Is winning really everything?

There are a variety of ways of dealing with the world and looking at the world. One way is with a narrow or simplistic lens. Sometimes this is called either/or thinking. The idea is that there is an us and a them. And everyone is either with us or with them.

In discussions, if you can call them that, the point is to figure out who your friends are and who your enemies are. When discussing topics, the point is to win because what else would there be? It’s all or nothing after all. A fixed quotient. One side has 100% of correctness with it, and the other has 0%. And there certainly isn’t any room for growth. There is already 100%.

And you’d think that winning would bring things to an end. That’s what logic would you one to conclude. We won the argument – we are done! It is over. But have you ever experienced a true ending with any either/or way of thinking or the people who espouse it? I haven’t. Rather, it just goes on and on and on – forever. There is never an ending. There’s always another enemy, another clash, another argument, another fight, another war, another, another, another… Another them. Always. It never ends. For infinity.

There is never sabbath rest. Never shalom – wholeness, completeness, enough. There is never peace. There is never the kingdom of God. Never.

Why do we legitimize this mindset? Why do we pick sides, as if picking sides will ever resolve the situation and bring it to a conclusion? It won’t.

Instead, let us create situations that offer complexity and perplexity. Let us offer confusion to either/or, purposefully – not with ill intent, but with intent of showing that there is more that either/or.
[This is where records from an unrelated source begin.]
(* Let $f_0,f_1,\dots,f_m$ be as in the context. Then (a) $f_i(0)-\inf_zf_i(z)\le 3000\pi^2\bar d\epsilon^2/(mL_f)$ for $i=1,\dots,m$, and $f_0(0)-\inf_xf_0(x)\le3000\pi^2\bar d\epsilon^2/L_f$; (b) $\nabla f_i$ is $L_f$-Lipschitz continuous for $i=0,1,\dots,m$; (c) $f_i$ is $\frac{50\pi\epsilon\sqrt{\bar d}}{\sqrt m}$-Lipschitz continuous for $i=1,\dots,m$, and $f_0$ is $50\pi\epsilon\sqrt{m\bar d}$-Lipschitz continuous.
   Context: Fix $\epsilon\in(0,1)$, $L_f>0$, integers $m_1\ge2$, $m_2\ge1$ with $m_1m_2$ even, $m=3m_1m_2$, an odd integer $\bar d\ge5$, $d=m\bar d$; $[z]_j$ is the $j$-th coordinate. $\Psi(u)=0$ ($u\le0$), $\Psi(u)=1-e^{-u^2}$ ($u>0$); $\Phi(v)=4\arctan v+2\pi$. For $z\in\mathbb R^{\bar d}$: $\varphi(z,1)=-\Psi(1)\Phi([z]_1)$, $\varphi(z,j)=\Psi(-[z]_{j-1})\Phi(-[z]_j)-\Psi([z]_{j-1})\Phi([z]_j)$ ($2\le j\le\bar d$); $h_i(z)=\varphi(z,1)+3\sum_{j=1}^{\lfloor\bar d/2\rfloor}\varphi(z,2j)$ for $1\le i\le m/3$, $h_i(z)=\varphi(z,1)$ for $m/3+1\le i\le 2m/3$, $h_i(z)=\varphi(z,1)+3\sum_{j=1}^{\lfloor\bar d/2\rfloor}\varphi(z,2j+1)$ for $2m/3+1\le i\le m$. $f_i(z)=\frac{300\pi\epsilon^2}{mL_f}h_i(\frac{\sqrt mL_fz}{150\pi\epsilon})$ for $z\in\mathbb R^{\bar d}$, and $f_0(x)=\sum_{i=1}^mf_i(x_i)$ for $x=(x_1^\top,\dots,x_m^\top)^\top\in\mathbb R^d$, $x_i\in\mathbb R^{\bar d}$. *)

(* concrete reals R.  Vectors of R^n are represented as
   functions nat -> R of which only the coordinates 0..n-1 are used
   (0-based; the paper's [z]_j is z (j-1)). *)
From Stdlib Require Import Reals Lra Lia.
Open Scope R_scope.

Fixpoint rsum (n : nat) (u : nat -> R) : R :=
  match n with O => 0 | S k => rsum k u + u k end.

Definition vadd (x y : nat -> R) : nat -> R := fun k => x k + y k.
Definition vsub (x y : nat -> R) : nat -> R := fun k => x k - y k.
Definition vscal (a : R) (x : nat -> R) : nat -> R := fun k => a * x k.
Definition vzero : nat -> R := fun _ => 0.

Definition dot (n : nat) (x y : nat -> R) : R := rsum n (fun k => x k * y k).
Definition enorm (n : nat) (x : nat -> R) : R := sqrt (dot n x x).

Definition lipschitz (n : nat) (L : R) (f : (nat -> R) -> R) : Prop :=
  forall x y, Rabs (f x - f y) <= L * enorm n (vsub x y).

Definition has_gradient (n : nat) (f : (nat -> R) -> R) (g : nat -> R) (x : nat -> R) : Prop :=
  forall e, 0 < e -> exists delta, 0 < delta /\
    forall h, enorm n h < delta ->
      Rabs (f (vadd x h) - f x - dot n g h) <= e * enorm n h.

Definition grad_lipschitz (n : nat) (L : R) (f : (nat -> R) -> R) : Prop :=
  exists grad : (nat -> R) -> (nat -> R),
    (forall x, has_gradient n f (grad x) x) /\
    (forall x y, enorm n (vsub (grad x) (grad y)) <= L * enorm n (vsub x y)).

Definition Psi (u : R) : R := if Rle_dec u 0 then 0 else 1 - exp (- u ^ 2).
Definition Phi (v : R) : R := 4 * atan v + 2 * PI.

(* varphi(z, j) for 1 <= j <= dbar (paper's 1-based j) *)
Definition varphi (z : nat -> R) (j : nat) : R :=
  match j with
  | O => 0 (* unused *)
  | S O => - Psi 1 * Phi (z 0%nat)
  | S (S k) => Psi (- z k) * Phi (- z (S k)) - Psi (z k) * Phi (z (S k))
  end.

(* h_i, i 1-based, 1 <= i <= m ; floor(dbar/2) = Nat.div2 dbar *)
Definition h (m dbar i : nat) (z : nat -> R) : R :=
  if (i <=? m / 3)%nat then
    varphi z 1 + 3 * rsum (Nat.div2 dbar) (fun k => varphi z (2 * (S k)))
  else if (i <=? 2 * m / 3)%nat then varphi z 1
  else varphi z 1 + 3 * rsum (Nat.div2 dbar) (fun k => varphi z (2 * (S k) + 1)).

(* f_i on R^dbar, i 1-based *)
Definition fi (eps Lf : R) (m dbar i : nat) (z : nat -> R) : R :=
  300 * PI * eps ^ 2 / (INR m * Lf) *
  h m dbar i (vscal (sqrt (INR m) * Lf / (150 * PI * eps)) z).

(* the i-th block x_i in R^dbar of x in R^(m*dbar), i 1-based *)
Definition block (dbar i : nat) (x : nat -> R) : nat -> R :=
  fun j => x ((i - 1) * dbar + j)%nat.

Definition f0 (eps Lf : R) (m dbar : nat) (x : nat -> R) : R :=
  rsum m (fun k => fi eps Lf m dbar (S k) (block dbar (S k) x)).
It’s not about offering an alternative, as if either/or is the legitimate standard. It is not. It is just common. There are better ways to approach the world and life. Healthier ways.

Winning isn’t everything. Especially when it doesn’t ever bring conflict to an end. And it doesn’t ever bring satisfaction.

Embody other ways. God’s ways. Shalom ways. Grace. Mercy. Love. Charity. These go far beyond either/or. They make room for something that either/or can’t comprehend – enough.